- [ENTRIES SUPPLIED]:
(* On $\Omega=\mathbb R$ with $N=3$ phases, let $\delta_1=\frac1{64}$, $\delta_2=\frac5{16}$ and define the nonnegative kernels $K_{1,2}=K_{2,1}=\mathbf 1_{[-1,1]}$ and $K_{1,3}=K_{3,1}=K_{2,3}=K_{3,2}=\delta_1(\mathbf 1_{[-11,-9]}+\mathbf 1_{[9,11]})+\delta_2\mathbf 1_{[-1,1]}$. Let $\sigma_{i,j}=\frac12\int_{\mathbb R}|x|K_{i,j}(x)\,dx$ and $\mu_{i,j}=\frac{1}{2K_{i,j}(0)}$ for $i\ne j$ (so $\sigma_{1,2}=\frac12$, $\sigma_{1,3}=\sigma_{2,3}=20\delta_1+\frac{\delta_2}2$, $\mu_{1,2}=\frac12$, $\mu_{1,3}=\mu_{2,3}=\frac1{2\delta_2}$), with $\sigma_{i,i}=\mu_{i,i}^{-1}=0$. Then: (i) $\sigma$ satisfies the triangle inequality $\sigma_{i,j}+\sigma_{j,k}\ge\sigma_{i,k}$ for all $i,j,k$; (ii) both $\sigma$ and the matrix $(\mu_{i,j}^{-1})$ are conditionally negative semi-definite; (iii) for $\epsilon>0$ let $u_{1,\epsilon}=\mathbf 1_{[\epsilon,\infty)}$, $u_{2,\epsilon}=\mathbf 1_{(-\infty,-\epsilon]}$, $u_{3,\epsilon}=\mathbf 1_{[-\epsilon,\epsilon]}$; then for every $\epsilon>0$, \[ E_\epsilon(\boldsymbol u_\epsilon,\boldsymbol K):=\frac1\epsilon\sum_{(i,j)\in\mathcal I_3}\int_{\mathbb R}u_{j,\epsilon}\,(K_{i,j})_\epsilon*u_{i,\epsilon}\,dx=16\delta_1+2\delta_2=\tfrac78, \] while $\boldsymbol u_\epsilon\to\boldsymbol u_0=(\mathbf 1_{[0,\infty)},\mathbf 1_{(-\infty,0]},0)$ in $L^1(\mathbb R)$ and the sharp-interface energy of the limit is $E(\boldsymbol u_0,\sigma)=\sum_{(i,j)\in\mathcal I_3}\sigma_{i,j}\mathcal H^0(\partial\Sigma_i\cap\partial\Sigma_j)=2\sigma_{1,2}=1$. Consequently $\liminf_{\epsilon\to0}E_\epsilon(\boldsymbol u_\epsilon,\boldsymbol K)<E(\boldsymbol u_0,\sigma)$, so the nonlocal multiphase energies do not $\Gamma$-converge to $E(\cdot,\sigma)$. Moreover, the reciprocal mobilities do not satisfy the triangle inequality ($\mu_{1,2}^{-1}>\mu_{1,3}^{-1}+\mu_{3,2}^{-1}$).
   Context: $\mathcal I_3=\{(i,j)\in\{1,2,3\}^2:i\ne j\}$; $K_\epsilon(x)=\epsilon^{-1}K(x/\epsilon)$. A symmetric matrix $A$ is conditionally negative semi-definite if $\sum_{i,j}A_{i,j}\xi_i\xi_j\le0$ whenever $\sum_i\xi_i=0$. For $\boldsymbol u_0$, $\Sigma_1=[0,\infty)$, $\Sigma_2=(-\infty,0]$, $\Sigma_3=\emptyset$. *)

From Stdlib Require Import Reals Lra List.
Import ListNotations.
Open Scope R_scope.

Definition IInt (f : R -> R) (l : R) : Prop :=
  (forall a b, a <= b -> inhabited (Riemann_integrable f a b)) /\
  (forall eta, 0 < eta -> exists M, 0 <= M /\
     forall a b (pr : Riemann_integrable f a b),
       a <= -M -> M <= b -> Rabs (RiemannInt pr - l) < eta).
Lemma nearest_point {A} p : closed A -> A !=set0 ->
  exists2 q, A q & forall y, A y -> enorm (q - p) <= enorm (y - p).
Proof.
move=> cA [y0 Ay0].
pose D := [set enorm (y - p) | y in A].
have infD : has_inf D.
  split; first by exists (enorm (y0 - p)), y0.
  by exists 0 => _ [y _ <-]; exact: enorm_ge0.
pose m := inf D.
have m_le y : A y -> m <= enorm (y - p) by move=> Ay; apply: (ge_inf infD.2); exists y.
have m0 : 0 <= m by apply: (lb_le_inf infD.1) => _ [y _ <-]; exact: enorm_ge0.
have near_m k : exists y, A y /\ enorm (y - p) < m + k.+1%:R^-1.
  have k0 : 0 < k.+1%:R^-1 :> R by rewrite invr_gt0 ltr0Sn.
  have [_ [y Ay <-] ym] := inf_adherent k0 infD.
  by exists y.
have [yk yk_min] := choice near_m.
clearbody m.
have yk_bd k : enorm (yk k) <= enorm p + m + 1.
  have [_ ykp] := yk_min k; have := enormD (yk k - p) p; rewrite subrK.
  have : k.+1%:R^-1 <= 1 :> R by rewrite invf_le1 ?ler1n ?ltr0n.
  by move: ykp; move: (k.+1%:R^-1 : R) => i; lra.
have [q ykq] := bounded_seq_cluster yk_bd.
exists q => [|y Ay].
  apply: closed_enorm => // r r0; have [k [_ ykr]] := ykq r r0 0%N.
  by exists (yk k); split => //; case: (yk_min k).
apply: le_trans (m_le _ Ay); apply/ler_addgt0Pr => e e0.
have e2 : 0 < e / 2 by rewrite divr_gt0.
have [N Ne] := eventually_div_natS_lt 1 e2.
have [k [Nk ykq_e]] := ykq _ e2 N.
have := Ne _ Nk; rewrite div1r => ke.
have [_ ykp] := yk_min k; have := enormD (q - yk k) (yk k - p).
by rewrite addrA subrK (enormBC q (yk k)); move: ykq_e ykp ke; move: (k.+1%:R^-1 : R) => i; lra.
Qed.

- [DESCRIPTION OF THE TASK]:
Whenever the word "Import" appears in a line of the data above, that line counts. Say how many lines count, and nothing more.

- [EXERCISE ANSWER]:
2